The Politics of Swidden farming: Environment and Development in Eastern India
Debojyoti Das


Hardback | Sep 2018 | Anthem Press | 9781783087754 | 272pp | 228x152mm | RFB | AUD$115.00, NZD$139.99

The Politics of Swidden Farming, Environment and Development in Eastern India offers a new explanation for the changes taking place in slash-and-burn (jhum or swidden) farming in the hills and upland areas of eastern India through an ethnographic case study. Today market-led agriculture is transforming land and labour relations. Jhum cultivators are beneficiaries of state schemes, including internationally funded, community-driven development or biodiversity conservation programmes.
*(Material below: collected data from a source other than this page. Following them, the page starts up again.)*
Lemma subseq_pos_nth_incr u I j : is_subseq_pos u I -> j.+1 < size I ->
  nth 0 I j < nth 0 I j.+1.
Proof.
case=> I_sorted _ j_lt.
by apply: (sorted_ltn_nth ltn_trans 0 I_sorted); rewrite ?inE // ltnW.
Qed.

Lemma wspan_nth I : 0 < size I -> wspan I = (nth 0 I (size I).-1 - nth 0 I 0).+1.
Proof. by case: I => // i I _; rewrite /= (last_nth 0). Qed.

Section MatchedWord.
Variables (k K R L : nat) (w I : seq nat).
Hypotheses (R_gt0 : 0 < R) (w_range : all (fun l => 0 < l <= K) w).
Hypotheses (top_dvd : R ^ (K - 1) %| L) (I_pos : is_subseq_pos (hatw k R L w) I).

Let scale_dvd := scale_dvd_of_range w_range top_dvd.

Lemma matched_pos_lt j : j < size I -> nth 0 I j < k * L * size w.
Proof. by rewrite -(size_hatw k scale_dvd); apply: subseq_pos_nth_lt. Qed.

Lemma matched_parent_range j : j < size I -> 0 < parent_letter k L w (nth 0 I j) <= K.
Proof. by move=> /matched_pos_lt /parent_letter_mem /(allP w_range). Qed.

Lemma matched_scale_range j : j < size I ->
  0 < parent_scale k R L w (nth 0 I j) <= R ^ (K - 1).
Proof. by move=> /matched_parent_range /andP[_ l_le_K]; apply: scale_range. Qed.

Lemma matched_letter j : j < size I ->
  nth 0 (hatw k R L w) (nth 0 I j) = (nth 0 I j %/ parent_scale k R L w (nth 0 I j)) %% k + 1.
Proof. by move=> /matched_pos_lt; apply: nth_hatw. Qed.

End MatchedWord.

Lemma fine_step k A p p' : 0 < k -> 0 < A -> p < p' ->
  p %/ A = p' %/ A %[mod k] ->
  p + (k - 1) * (p %% A) + k <= p' + (k - 1) * (p' %% A).
Proof.
move=> k_gt0 A_gt0 p_lt same_letter.
have p_eq := divn_eq p A; have p'_eq := divn_eq p' A.
have off_lt := ltn_pmod p A_gt0; have off'_lt := ltn_pmod p' A_gt0.
have block_le : p %/ A <= p' %/ A by rewrite leq_div2r // ltnW.
have [block_eq | block_lt] := eqVneq (p %/ A) (p' %/ A).
  by rewrite block_eq in p_eq; nia.
have k_le_gap : k <= p' %/ A - p %/ A.
  by apply: dvdn_leq; [lia | rewrite -eqn_mod_dvd // same_letter].
nia.
Qed.

Lemma coarse_step_same_block k R B q q' : k <= R -> q < q' ->
  q %/ B = q' %/ B -> R * q + k * (q' %% B) + (R - k) <= R * q' + k * (q %% B).
Proof.
move=> k_le_R q_lt block_eq.
have q_eq := divn_eq q B; have q'_eq := divn_eq q' B.
rewrite block_eq in q_eq; nia.
Qed.

Lemma coarse_step_new_block k R B q q' : k <= R -> 0 < B -> q < q' ->
  q %/ B != q' %/ B ->
  R * q + k * (q' %% B) + (R - k) + k * B <= R * q' + k * (q %% B).
Proof.
move=> k_le_R B_gt0 q_lt block_neq.
have q_eq := divn_eq q B; have q'_eq := divn_eq q' B.
have off_lt := ltn_pmod q B_gt0.
have block_lt : q %/ B < q' %/ B.
  by rewrite ltn_neqAle block_neq leq_div2r // ltnW.
have : q %/ B * B + B <= q' %/ B * B by rewrite -mulSnr leq_mul2r block_lt orbT.
nia.
Qed.

Lemma fine_step_any k A p p' : 0 < A -> p < p' ->
  p + (k - 1) * (p %% A) + k <= p' + (k - 1) * (p' %% A) + (k - 1) * A.
Proof. by move=> A_gt0 p_lt; have := ltn_pmod p A_gt0; nia. Qed.

Import Order.TTheory GRing.Theory Num.Theory.
Local Open Scope ring_scope.

Definition offset_potential (R k A B p q : nat) : rat :=
  R%:R * (k%:R - 1) * (p %% A)%:R - k%:R * (q %% B)%:R.

Lemma offset_potential_step (k R A B p p' q q' : nat) :
  (0 < k)%N -> (k <= R)%N -> (0 < A)%N -> (R * A <= B)%N -> (p < p')%N -> (q < q')%N ->
  (p %/ A = q %/ B %[mod k])%N -> (p' %/ A = q' %/ B %[mod k])%N ->
  R%:R * (k%:R + 1) - k%:R + R%:R * (p + q)%:R + offset_potential R k A B p q
  <= R%:R * (p' + q')%:R + offset_potential R k A B p' q'.
Proof.
move=> k_gt0 k_le_R A_gt0 RA_le_B p_lt q_lt letter letter'.
have B_gt0 : (0 < B)%N.
  by apply: leq_trans RA_le_B; rewrite muln_gt0 A_gt0 (leq_trans k_gt0 k_le_R).
rewrite /offset_potential !natrD.
have R_ge0 : 0 <= R%:R :> rat by [].
have [block_eq | block_neq] := eqVneq (q %/ B)%N (q' %/ B)%N.
  have := coarse_step_same_block k_le_R q_lt block_eq.
  have : (p %/ A = p' %/ A %[mod k])%N by rewrite letter letter' block_eq.
  move=> /(fine_step k_gt0 A_gt0 p_lt).
  rewrite -!(ler_nat rat) !natrD !natrM !natrB // => /(ler_wpM2l R_ge0).
  lra.
have := coarse_step_new_block k_le_R B_gt0 q_lt block_neq.
have := fine_step_any k A_gt0 p_lt.
have : ((k - 1) * (R * A) <= k * B)%N by rewrite leq_mul // leq_subr.
rewrite -!(ler_nat rat) !natrD !natrM !natrB // => scale_le.
move=> /(ler_wpM2l R_ge0); lra.
Qed.
Lemma deriv0_sum (I : Type) (r : seq I) (F : I -> R -> R) (l : I -> R) :
  (forall i, Defs.deriv0 (F i) (l i)) ->
  Defs.deriv0 (fun t => \sum_(i <- r) F i t) (\sum_(i <- r) l i).
Proof.
move=> H; elim: r => [|x r IH].
  rewrite big_nil; apply: (@deriv0_near (fun _ => 0) _ _ 1) => // [t _|e ep].
    by rewrite big_nil.
  by exists 1 => // t _; rewrite subrr mul0r subrr normr0.
apply: (@deriv0_near (fun t => F x t + \sum_(i <- r) F i t) _ _ 1) => //.
  by move=> t _; rewrite big_cons.
by rewrite big_cons; exact: deriv0_add.
Qed.

End LimitsAtZero.

Section MatrixShapes.
Variable R : rcfType.
Variable n : nat.

Definition is_diag (D : 'M[R]_n) := forall i j : 'I_n, i != j -> D i j = 0.

Definition strictly_lower (M : 'M[R]_n) := forall i j : 'I_n, (i <= j)%N -> M i j = 0.

Lemma ord_strong_ind (P : 'I_n -> Prop) :
  (forall j : 'I_n, (forall k : 'I_n, (k < j)%N -> P k) -> P j) -> forall j, P j.
Proof.
move=> H; suff main m (j : 'I_n) : (j < m)%N -> P j by move=> j; exact: (main j.+1).
elim: m j => [//|m IH] j jm; apply: H => k kj; apply: IH.
exact: leq_trans kj jm.
Qed.

Lemma ord_lt_eqF (a b : 'I_n) : (a < b)%N -> (a == b) = false.
Proof. exact: ltn_eqF. Qed.

Lemma mulmx_diag_entry (A D C : 'M[R]_n) i j : is_diag D ->
  (A *m D *m C^T) i j = \sum_k A i k * D k k * C j k.
Proof.
move=> Dd; rewrite mxE; apply: eq_bigr => k _.
rewrite !mxE (bigD1 k) //= big1 ?addr0 // => l lk.
by rewrite Dd ?mulr0.
Qed.

Lemma diag_mx_of_diag (D : 'M[R]_n) : is_diag D -> D = diag_mx (\row_i D i i).
Proof.
move=> Dd; apply/matrixP => i j; rewrite !mxE.
by case: (eqVneq i j) => [->|ij]; rewrite ?mulr1n // Dd // mulr0n.
Qed.

Definition diag_inv (D : 'M[R]_n) : 'M[R]_n := diag_mx (\row_i (D i i)^-1).

Lemma mxtrace_mul_entries (A B : 'M[R]_n) :
  \tr (A *m B) = \sum_a \sum_b A a b * B b a.
Proof. by apply: eq_bigr => a _; rewrite mxE. Qed.
(* Let $n,d,k\in\mathbb{N}$, $\lambda,z\ge1$, $\beta\in(0,1]$ and $\xi\ge1$ such that $n\ge m$, where $m=k\cdot\lfloor 1+40^{z/2}\cdot2\xi/k\rfloor$. Let $\mathsf{M}\colon(\mathcal{B}_d)^n\to(\mathcal{B}_d)^{k+1}$ be a $(\lambda,\xi,\beta)$-approximation algorithm for $(k+1,z)$-clustering. Let $\widetilde{\mathsf{M}}\colon\{-1,1\}^{m\times d}\to\{-1,1\}^d$ be the mechanism that on input $x_1,\dots,x_m\in\{-1,1\}^d$ computes $(c_1,\dots,c_{k+1})=\mathsf{M}\big(\tfrac1{\sqrt d}x_1,\dots,\tfrac1{\sqrt d}x_m,\vec0,\dots,\vec0\big)$ (with $n-m$ copies of the zero vector), samples $j$ uniformly from $[k+1]$, and outputs $\mathrm{sign}(c_j)$. Then $\widetilde{\mathsf{M}}$ is $\left(k,\ \alpha=\frac1{160\cdot(2\lambda)^{2/z}},\ \frac{\beta}{k+1}\right)$-weakly-accurate.
   Context: $\mathcal{B}_d=\{x\in\mathbb{R}^d:\|x\|_2\le1\}$. For $S\in(\mathcal{B}_d)^n$ and $C=(c_1,\dots,c_K)$, $\mathrm{COST}_z(C;S)=\sum_{x\in S}\min_{i\in[K]}\|x-c_i\|_2^z$ and $\mathrm{OPT}_{K,z}(S)=\min_{C\in(\mathbb{R}^d)^K}\mathrm{COST}_z(C;S)$. $\mathsf{M}$ is a $(\lambda,\xi,\beta)$-approximation algorithm for $(K,z)$-clustering if for every $S$, $\Pr_{C\sim\mathsf{M}(S)}[\mathrm{COST}_z(C;S)\le\lambda\mathrm{OPT}_{K,z}(S)+\xi]\ge\beta$. $\mathrm{sign}(u)=1$ if $u\ge0$ and $-1$ otherwise, coordinatewise. For a matrix $Z\in\{-1,1\}^{m'\times d}$ and $b\in\{-1,1\}$, $\mathcal{J}_Z^b$ is the set of columns all of whose entries equal $b$; $q$ strongly-agrees with $Z$ if $|\{j\in\mathcal{J}_Z^b:q^j=b\}|\ge0.9|\mathcal{J}_Z^b|$ for both $b$. A mechanism on $\{-1,1\}^{m\times d}$ ($k\mid m$) is $(k,\alpha,\beta')$-weakly-accurate if for every $X=(x_1,\dots,x_m)$ such that for all $t\in[k]$ and $b$, $|\mathcal{J}^b_{X_t}|\ge\frac12(1-\alpha)d$ with $X_t=(x_{(t-1)m/k+1},\dots,x_{tm/k})$, the probability that its output strongly-agrees with some $X_t$ is at least $\beta'$. *)

From HB Require Import structures.
From mathcomp Require Import all_boot all_order all_algebra.
From mathcomp Require Import all_classical all_reals all_analysis.
Set Implicit Arguments. Unset Strict Implicit. Unset Printing Implicit Defensive.
Import Order.TTheory GRing.Theory Num.Theory.
Local Open Scope classical_set_scope.
Local Open Scope ring_scope.

Section Defs.
Variable R : realType.

Definition norm2 (d : nat) (x : 'rV[R]_d) : R := Num.sqrt (\sum_(i < d) x 0 i ^+ 2).

Definition in_ball (d : nat) (x : 'rV[R]_d) : Prop := norm2 x <= 1.

Definition point_cost (d K : nat) (z : R) (C : 'I_K.+1 -> 'rV[R]_d) (x : 'rV[R]_d) : R :=
  \big[Order.min/(norm2 (x - C ord0)) `^ z]_(j < K.+1) (norm2 (x - C j)) `^ z.

Definition cost (n d K : nat) (z : R) (C : 'I_K.+1 -> 'rV[R]_d) (S : 'I_n -> 'rV[R]_d) : R :=
  \sum_(i < n) point_cost z C (S i).

Definition OPT (n d K : nat) (z : R) (S : 'I_n -> 'rV[R]_d) : R :=
  inf [set c | exists C : 'I_K.+1 -> 'rV[R]_d, c = cost z C S].

(* A randomized algorithm M : (B_d)^n -> (B_d)^{K+1} is modelled by its
   random seed w drawn from a probability space (Omega, P). *)
Definition approx_alg (d0 : measure_display) (Omega : measurableType d0)
  (P : probability Omega R) (n d K : nat)
  (M : ('I_n -> 'rV[R]_d) -> Omega -> 'I_K.+1 -> 'rV[R]_d)
  (lambda xi beta z : R) : Prop :=
  forall S : 'I_n -> 'rV[R]_d, (forall i, in_ball (S i)) ->
    (forall w j, in_ball (M S w j)) /\
    (forall (j : 'I_K.+1) (l : 'I_d), measurable_fun setT (fun w => M S w j 0 l)) /\
    (beta%:E <= P [set w | (cost z (M S w) S <= lambda * OPT K z S + xi)%R])%E.

(* {-1,1} is encoded by bool: true <-> 1, false <-> -1 *)
Definition pm (b : bool) : R := if b then 1 else -1.
Definition sgnb (u : R) : bool := 0 <= u.

(* J^b of the t-th block X_t = (x_{t*(m/k)+1}, ..., x_{(t+1)*(m/k)}) (0-indexed t) *)
Definition blockJ (m d k : nat) (X : 'I_m -> 'I_d -> bool) (t : nat) (b : bool) : {set 'I_d} :=
  [set j : 'I_d | [forall i : 'I_m,
     ((t * (m %/ k) <= i) && (i < t.+1 * (m %/ k)))%N ==> (X i j == b)]].

Definition strongly_agrees (m d k : nat) (q : 'I_d -> bool) (X : 'I_m -> 'I_d -> bool) (t : nat) : Prop :=
  forall b : bool,
    (9 / 10 : R) * (#|blockJ k X t b|)%:R <= (#|[set j in blockJ k X t b | q j == b]|)%:R.

(* A mechanism on {-1,1}^{m x d} with output in {-1,1}^d is given by the
   probabilities Pr X A = Pr[ output on X lies in A ].  (k, alpha, beta')-weak accuracy: *)
Definition weakly_accurate (m d k : nat)
  (Pr : ('I_m -> 'I_d -> bool) -> set ('I_d -> bool) -> \bar R) (alpha beta' : R) : Prop :=
  (k %| m)%N /\
  forall X : 'I_m -> 'I_d -> bool,
    (forall (t : 'I_k) (b : bool), (1 - alpha) / 2 * d%:R <= (#|blockJ k X t b|)%:R) ->
    (beta'%:E <= Pr X [set q | exists t : 'I_k, strongly_agrees k q X t])%E.

Definition embed_input (n m d : nat) (X : 'I_m -> 'I_d -> bool) : 'I_n -> 'rV[R]_d :=
  fun i => oapp (fun i' : 'I_m => (Num.sqrt (d%:R))^-1 *: \row_(l < d) pm (X i' l)) 0
             (insub (val i) : option 'I_m).

Definition mech_tilde (d0 : measure_display) (Omega : measurableType d0)
  (P : probability Omega R) (n d K : nat)
  (M : ('I_n -> 'rV[R]_d) -> Omega -> 'I_K.+1 -> 'rV[R]_d) (m : nat)
  (X : 'I_m -> 'I_d -> bool) (A : set ('I_d -> bool)) : \bar R :=
  ((K.+1%:R)^-1)%:E *
    (\sum_(j < K.+1) P [set w | A (fun l => sgnb (M (@embed_input n m d X) w j 0%R l))])%E.

Definition m_of (k : nat) (z xi : R) : nat :=
  (k * Num.truncn (1 + 40 `^ (z / 2) * 2 * xi / k%:R))%N.

End Defs.

From HB Require Import structures.
From mathcomp Require Import all_boot all_order all_algebra.
From mathcomp Require Import all_classical all_reals all_analysis.
From mathcomp Require Import measurable_realfun lra ring.
Set Implicit Arguments. Unset Strict Implicit. Unset Printing Implicit Defensive.
Import Order.TTheory GRing.Theory Num.Theory.
Local Open Scope ring_scope.

(* Feed M the rows of X scaled to the unit sphere, padded with zeros, and read the
   rows in k blocks of m/k.  Putting one center on each block's "majority vector"
   (the common sign on the columns where the block is constant, 0 elsewhere) and one
   at the origin costs at most alpha^(z/2) per row, so OPT <= m alpha^(z/2).  If no
   center strongly agrees with any block, then for every row and every center at
   least d/40 coordinates have the wrong sign, each contributing 1/d to the squared
   distance, so the cost is at least m (1/40)^(z/2).  The choices of alpha and m make
   this incompatible with cost <= lambda OPT + xi, so whenever M succeeds some center
   strongly agrees with some block, and the uniform choice of j finds it with
   probability 1/(k+1). *)

Section SignPoints.
Variables (R : realType) (d : nat).
(* Let $\alpha\in(0,1)$, $\sigma=1-\frac{\alpha}{2}$, and let $c^{(\alpha,\sigma)}_{i,k}$ be the L2-1$_\sigma$ coefficients defined in the context. Then, for sufficiently small temporal stepsize $\tau$, $$(2\sigma-1)\,c^{(\alpha,\sigma)}_{k+1,k}>\sigma\, c^{(\alpha,\sigma)}_{k,k}\qquad\text{for all } k\ge 1 .$$
   Context: Let $\tilde a>0$, $T>\tilde a$, $N\in\mathbb{Z}^+$, $\tau=(T-\tilde a)/N$, $t_k=\tilde a+k\tau$ ($k=0,\dots,N$), and $t_{k+\sigma}=t_k+\sigma\tau$. For $1\le i\le k$ define $$a^{(\alpha,\sigma)}_{i,k}=\Big(\log\tfrac{t_{k+\sigma}}{t_{i-1}}\Big)^{1-\alpha}-\Big(\log\tfrac{t_{k+\sigma}}{t_{i}}\Big)^{1-\alpha},$$ $$b^{(\alpha,\sigma)}_{i,k}=\frac{1}{\log\frac{t_{i+1}}{t_{i-1}}}\Big\{\tfrac{2}{2-\alpha}\Big[\Big(\log\tfrac{t_{k+\sigma}}{t_{i-1}}\Big)^{2-\alpha}-\Big(\log\tfrac{t_{k+\sigma}}{t_{i}}\Big)^{2-\alpha}\Big]-\log\tfrac{t_i}{t_{i-1}}\Big[\Big(\log\tfrac{t_{k+\sigma}}{t_{i}}\Big)^{1-\alpha}+\Big(\log\tfrac{t_{k+\sigma}}{t_{i-1}}\Big)^{1-\alpha}\Big]\Big\}.$$ The coefficients are: $c^{(\alpha,\sigma)}_{1,0}=\frac{1}{\Gamma(2-\alpha)\log\frac{t_1}{t_0}}\big(\log\frac{t_\sigma}{t_0}\big)^{1-\alpha}$; for $k=1$: $c^{(\alpha,\sigma)}_{1,1}=\frac{a^{(\alpha,\sigma)}_{1,1}-b^{(\alpha,\sigma)}_{1,1}}{\Gamma(2-\alpha)\log\frac{t_1}{t_0}}$, $c^{(\alpha,\sigma)}_{2,1}=\frac{b^{(\alpha,\sigma)}_{1,1}+(\log\frac{t_{1+\sigma}}{t_1})^{1-\alpha}}{\Gamma(2-\alpha)\log\frac{t_2}{t_1}}$; for $k\ge2$: $c^{(\alpha,\sigma)}_{1,k}=\frac{a^{(\alpha,\sigma)}_{1,k}-b^{(\alpha,\sigma)}_{1,k}}{\Gamma(2-\alpha)\log\frac{t_1}{t_0}}$, $c^{(\alpha,\sigma)}_{i,k}=\frac{a^{(\alpha,\sigma)}_{i,k}+b^{(\alpha,\sigma)}_{i-1,k}-b^{(\alpha,\sigma)}_{i,k}}{\Gamma(2-\alpha)\log\frac{t_i}{t_{i-1}}}$ for $2\le i\le k$, and $c^{(\alpha,\sigma)}_{k+1,k}=\frac{b^{(\alpha,\sigma)}_{k,k}+(\log\frac{t_{k+\sigma}}{t_k})^{1-\alpha}}{\Gamma(2-\alpha)\log\frac{t_{k+1}}{t_k}}$. *)

From Stdlib Require Import Reals.
From Coquelicot Require Import Coquelicot.
Open Scope R_scope.

Definition Gamma (s : R) : R :=
  RInt_gen (fun x => Rpower x (s - 1) * exp (- x)) (at_right 0) (Rbar_locally p_infty).

Section L21sigma.
Variables (a0 T : R) (N : nat) (alpha sigma : R).

Definition tau : R := (T - a0) / INR N.
Definition tg (x : R) : R := a0 + x * tau.
Definition tn (i : nat) : R := tg (INR i).
Definition tks (k : nat) : R := tg (INR k + sigma).

Definition a_coef (i k : nat) : R :=
  Rpower (ln (tks k / tn (i - 1))) (1 - alpha)
  - Rpower (ln (tks k / tn i)) (1 - alpha).

Definition b_coef (i k : nat) : R :=
  / ln (tn (i + 1) / tn (i - 1)) *
  ( 2 / (2 - alpha) *
      (Rpower (ln (tks k / tn (i - 1))) (2 - alpha)
       - Rpower (ln (tks k / tn i)) (2 - alpha))
    - ln (tn i / tn (i - 1)) *
      (Rpower (ln (tks k / tn i)) (1 - alpha)
       + Rpower (ln (tks k / tn (i - 1))) (1 - alpha))).

Definition c_coef (i k : nat) : R :=
  let G := Gamma (2 - alpha) in
  if (k =? 0)%nat then
    (* only i = 1 is meaningful *)
    / (G * ln (tn 1 / tn 0)) * Rpower (ln (tks 0 / tn 0)) (1 - alpha)
  else if (i =? 1)%nat then
    (a_coef 1 k - b_coef 1 k) / (G * ln (tn 1 / tn 0))
  else if (i =? k + 1)%nat then
    (b_coef k k + Rpower (ln (tks k / tn k)) (1 - alpha)) / (G * ln (tn (k + 1) / tn k))
  else
    (a_coef i k + b_coef (i - 1) k - b_coef i k) / (G * ln (tn i / tn (i - 1))).

End L21sigma.

From Stdlib Require Import Reals Lra Lia Classical.
From Coquelicot Require Import Coquelicot.
Open Scope R_scope.

(* Write [h_j = ln (t_j / t_(j-1))] for the logarithmic steps and
   [x = ln (t_(k+sigma) / t_k)].  Then [a_{k,k} = (x + h_k)^(1-alpha) - x^(1-alpha)] and
   [b_{i,k} = E (., h_i) / (h_(i+1) + h_i)], where [E] is twice the error of the trapezoidal
   rule for [u^(1-alpha)]; by concavity [E >= 0], [E] is nonincreasing in its first argument,
   and it is homogeneous of degree [2 - alpha].  On a uniform grid the logarithmic steps
   decrease, [sigma h_(k+1) <= x < h_(k+1) < h_k < h_(k-1)], and once
   [tau <= (1 - alpha) t_0 / 6] also [h_(k-1) <= (1 + (1 - alpha) / 3) h_k].  The tangent
   bound [(x + h)^(1-alpha) - x^(1-alpha) < (1 - alpha) x^(-alpha) h] compares the power
   terms of the two coefficients, and homogeneity and monotonicity of [E] give
   [sigma b_{k-1,k} <= (sigma + 1 - alpha) b_{k,k}], which absorbs the [b]-terms.
   [Gamma (2 - alpha) > 0] is a common factor. *)

Lemma Rpower_pos x p : 0 < Rpower x p.
Proof. apply exp_pos. Qed.

Lemma Rpower_opp_inv x p : Rpower x p = / Rpower x (- p).
Proof. rewrite Rpower_Ropp, Rinv_inv; reflexivity. Qed.

Lemma Rpower_antitone_nonpos p u v :
  p <= 0 -> 0 < u <= v -> Rpower v p <= Rpower u p.
Proof.
  intros Hp Huv; rewrite !(Rpower_opp_inv _ p).
  apply Rinv_le_contravar; [apply Rpower_pos|apply Rle_Rpower_l; lra].
Qed.

Lemma Rpower_decreasing_neg p u v :
  p < 0 -> 0 < u < v -> Rpower v p < Rpower u p.
Proof.
  intros Hp Huv; rewrite !(Rpower_opp_inv _ p).
  apply Rinv_lt_contravar;
    [apply Rmult_lt_0_compat; apply Rpower_pos|apply Rlt_Rpower_l; lra].
Qed.

Lemma Rpower_plus1 x p : 0 < x -> Rpower x (p + 1) = Rpower x p * x.
Proof. intros Hx; rewrite Rpower_plus, Rpower_1; auto. Qed.

Lemma Rpower_minus1 x p : 0 < x -> Rpower x (p - 1) = Rpower x p / x.
Proof.
  intros Hx; replace p with (p - 1 + 1) at 2 by ring.
  rewrite Rpower_plus1 by exact Hx; field; lra.
Qed.

Lemma is_derive_Rpower p x :
  0 < x -> is_derive (fun u => Rpower u p) x (p * Rpower x (p - 1)).
Proof. intros Hx; apply is_derive_Reals, derivable_pt_lim_power, Hx. Qed.

Lemma Derive_Rpower p x : 0 < x -> Derive (fun u => Rpower u p) x = p * Rpower x (p - 1).
Proof. intros Hx; apply is_derive_unique, is_derive_Rpower, Hx. Qed.

Lemma ex_derive_Rpower p x : 0 < x -> ex_derive (fun u => Rpower u p) x.
Proof. intros Hx; eexists; apply is_derive_Rpower, Hx. Qed.

Lemma MVT_is_derive (f f' : R -> R) a b :
  a < b -> (forall t, a <= t <= b -> is_derive f t (f' t)) ->
  exists c, a < c < b /\ f b - f a = f' c * (b - a).
Proof.
  intros Hab Hd; destruct (MVT_cor2 f f' a b Hab) as [c [Hc Hc']].
  - intros t Ht; apply is_derive_Reals, Hd, Ht.
  - exists c; auto.
Qed.

Lemma Rpower_concave_tangent p x h : 0 < p < 1 -> 0 < x -> 0 < h ->
  Rpower (x + h) p - Rpower x p < p * Rpower x (p - 1) * h.
Proof.
  intros Hp Hx Hh.
  destruct (MVT_is_derive (fun u => Rpower u p) (fun u => p * Rpower u (p - 1)) x (x + h))
    as [c [Hc ->]]; [lra|intros t Ht; apply is_derive_Rpower; lra|].
  assert (Rpower c (p - 1) < Rpower x (p - 1)) by (apply Rpower_decreasing_neg; lra).
  replace (x + h - x) with h by ring.
  apply Rmult_lt_compat_r, Rmult_lt_compat_l; lra.
Qed.

Lemma trapezoid_defect_ge0 (F f f' : R -> R) q h : 0 <= h ->
  (forall t, q <= t <= q + h -> is_derive F t (f t)) ->
  (forall t, q <= t <= q + h -> is_derive f t (f' t)) ->
  (forall t u, q <= t <= u -> u <= q + h -> f' u <= f' t) ->
  0 <= 2 * (F (q + h) - F q) - h * (f q + f (q + h)).
Proof.
  intros Hh HF Hf Hf'.
  destruct (Req_dec h 0) as [->|Hh0]; [rewrite Rplus_0_r; lra|].
  destruct (MVT_is_derive (fun t => 2 * (F (q + t) - F q) - t * (f q + f (q + t)))
              (fun t => f (q + t) - f q - t * f' (q + t)) 0 h) as [c [Hc Hgc]]; [lra| |].
  - intros t Ht.
    assert (HFt : is_derive F (q + t) (f (q + t))) by (apply HF; lra).
    assert (Hft : is_derive f (q + t) (f' (q + t))) by (apply Hf; lra).
    auto_derive.
    + repeat split; eexists; eassumption.
    + do 2 erewrite is_derive_unique by eassumption; ring.
  - rewrite Rplus_0_r, Rmult_0_l in Hgc.
    destruct (MVT_is_derive f f' q (q + c)) as [d [Hd Hfd]];
      [lra|intros t Ht; apply Hf; lra|].
    assert (f' (q + c) <= f' d) by (apply Hf'; lra).
    assert (0 <= f (q + c) - f q - c * f' (q + c)) by (rewrite Hfd; nra).
    nra.
Qed.

Lemma trapezoid_defect_le0 (F f f' : R -> R) q h : 0 <= h ->
  (forall t, q <= t <= q + h -> is_derive F t (f t)) ->
  (forall t, q <= t <= q + h -> is_derive f t (f' t)) ->
  (forall t u, q <= t <= u -> u <= q + h -> f' t <= f' u) ->
  2 * (F (q + h) - F q) - h * (f q + f (q + h)) <= 0.
Proof.
  intros Hh HF Hf Hf'.
  cut (0 <= 2 * (- F (q + h) - - F q) - h * (- f q + - f (q + h))); [lra|].
  apply (trapezoid_defect_ge0 (fun t => - F t) (fun t => - f t) (fun t => - f' t)); [exact Hh|..].
  - intros t Ht; exact (is_derive_opp (V := R_NormedModule) F t (f t) (HF t Ht)).
  - intros t Ht; exact (is_derive_opp (V := R_NormedModule) f t (f' t) (Hf t Ht)).
  - intros t u Ht Hu; apply Ropp_le_contravar, Hf'; auto.
Qed.

(* Twice the error of the trapezoidal rule for the integral of [u^p] over [[q, q + h]]. *)
Definition pow_trap_defect p q h :=
  2 / (p + 1) * (Rpower (q + h) (p + 1) - Rpower q (p + 1))
  - h * (Rpower q p + Rpower (q + h) p).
The book traces the story of agroecological change and state intervention to colonial times (including post Indian independence) when Nagaland was seen as the frontier of state and civilization. Contemporary agrarian change can be understood by contextualizing farming not just in terms of the science and technology of agriculture or conservation/biodiversity but also in terms of technologies of rule. For the colonial administrators of the Naga Hills — who saw their role partially in terms of rescue and record ethnography — jhum practices were part of backward Naga customs and traditions. Improving farming practices was bound up with indirect rule as a distinct process of governance involving forms of knowledge and intervention. It was political expediency rather than imperial science that changed local agroecologies and pressurized shifting cultivation. Crucially, neighbouring Naga terrace rice cultivators were promoted as offering a more civilized — yet local — alternative.